The craft is a matter of ripeness and proportion. Brie at the right stage is supple but still holds a slice, so it folds against the ham and the crumb without running out of the sandwich; too far gone and it slumps and overwhelms, too young and it reads chalky and adds little. The ham should be sliced thin and layered, several light folds rather than one thick slab, so the two soft elements interleave instead of sitting as two heavy bands. Butter stays thin or is skipped, since the brie already carries the fat. The bread does the structural work the filling cannot: it needs a crisp crust and a crumb with some chew to give two yielding components an edge to bite against. It is best within a few minutes of assembly, while the crust is still crisp and the brie is near room temperature, where its butter and gentle mushroom note open up rather than staying cold and flat.

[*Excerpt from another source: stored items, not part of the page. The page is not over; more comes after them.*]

(* Let $K=2$ and let $(X_{t,1},X_{t,2})$ have joint density $p_{\mathcal{X}}$ on $\mathbb{R}^{2d}$ satisfying the relaxed symmetry condition with constant $\nu$. Then for every fixed vector $\beta\in\mathbb{R}^d$, $$\sum_{i=1}^2\mathbb{E}_{\mathcal{X}_t}\Big[X_{t,i}X_{t,i}^\top\mathbb{1}\{X_{t,i}=\arg\max_{X\in\mathcal{X}_t}X^\top\beta\}\Big]\succcurlyeq\nu^{-1}\Sigma,$$ where $\Sigma=\frac12\mathbb{E}[X_{t,1}X_{t,1}^\top+X_{t,2}X_{t,2}^\top]$.
   Context: $\mathcal{X}_t=\{X_{t,1},X_{t,2}\}\subset\mathbb{R}^d$, features bounded ($\|X_{t,i}\|_2\le x_{\max}$). Relaxed symmetry: there is $\nu<\infty$ with $p_{\mathcal{X}}(-\mathbf{x})/p_{\mathcal{X}}(\mathbf{x})\le\nu$ for all $\mathbf{x}\in\mathbb{R}^{2d}$. $\succcurlyeq$ is the Loewner (positive semidefinite) order. *)

From HB Require Import structures.
From mathcomp Require Import all_boot all_order all_algebra.
From mathcomp Require Import all_classical all_reals all_analysis.
Set Implicit Arguments. Unset Strict Implicit. Unset Printing Implicit Defensive.
Import Order.TTheory GRing.Theory Num.Theory.
Local Open Scope ring_scope.

Section Defs.
Variable R : realType.

(* Lebesgue integral over R^n (points = n-tuples), written as the iterated
   one-dimensional Lebesgue integral (Fubini/Tonelli). *)
Fixpoint tint (n : nat) : (n.-tuple R -> \bar R) -> \bar R :=
  match n return (n.-tuple R -> \bar R) -> \bar R with
  | 0 => fun f => f [tuple]
  | m.+1 => fun f =>
      (\int[@lebesgue_measure R]_x tint (fun t : m.-tuple R => f [tuple of x :: t]))%E
  end.

Definition int2 (d : nat) (g : d.-tuple R * d.-tuple R -> \bar R) : \bar R :=
  tint (fun x1 => tint (fun x2 => g (x1, x2))).

Definition Ep (d : nat) (p : d.-tuple R * d.-tuple R -> R)
  (g : d.-tuple R * d.-tuple R -> R) : R :=
  fine (int2 (fun z => (g z * p z)%:E)).

Definition dotv (d : nat) (x y : d.-tuple R) : R := \sum_(j < d) tnth x j * tnth y j.
Definition normv (d : nat) (x : d.-tuple R) : R := Num.sqrt (dotv x x).
Definition negv (d : nat) (x : d.-tuple R) : d.-tuple R := map_tuple (fun a => - a) x.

Variations are quiet, in keeping with the sandwich. A riper brie, or a Coulommiers, deepens it toward something earthier; a thin layer of jambon de pays in place of the jambon blanc trades sweetness for cure and salt; a few slices of pear or a thread of fig add a sweet counter without crowding the pair. Each is a recognizable adjustment of the same soft cheese against mild ham. It belongs with the bread-and-ham tradition the catalog anchors at the Jambon-Beurre, and its specific contribution is two deliberately gentle components held in balance, with the bread brought in to give them backbone.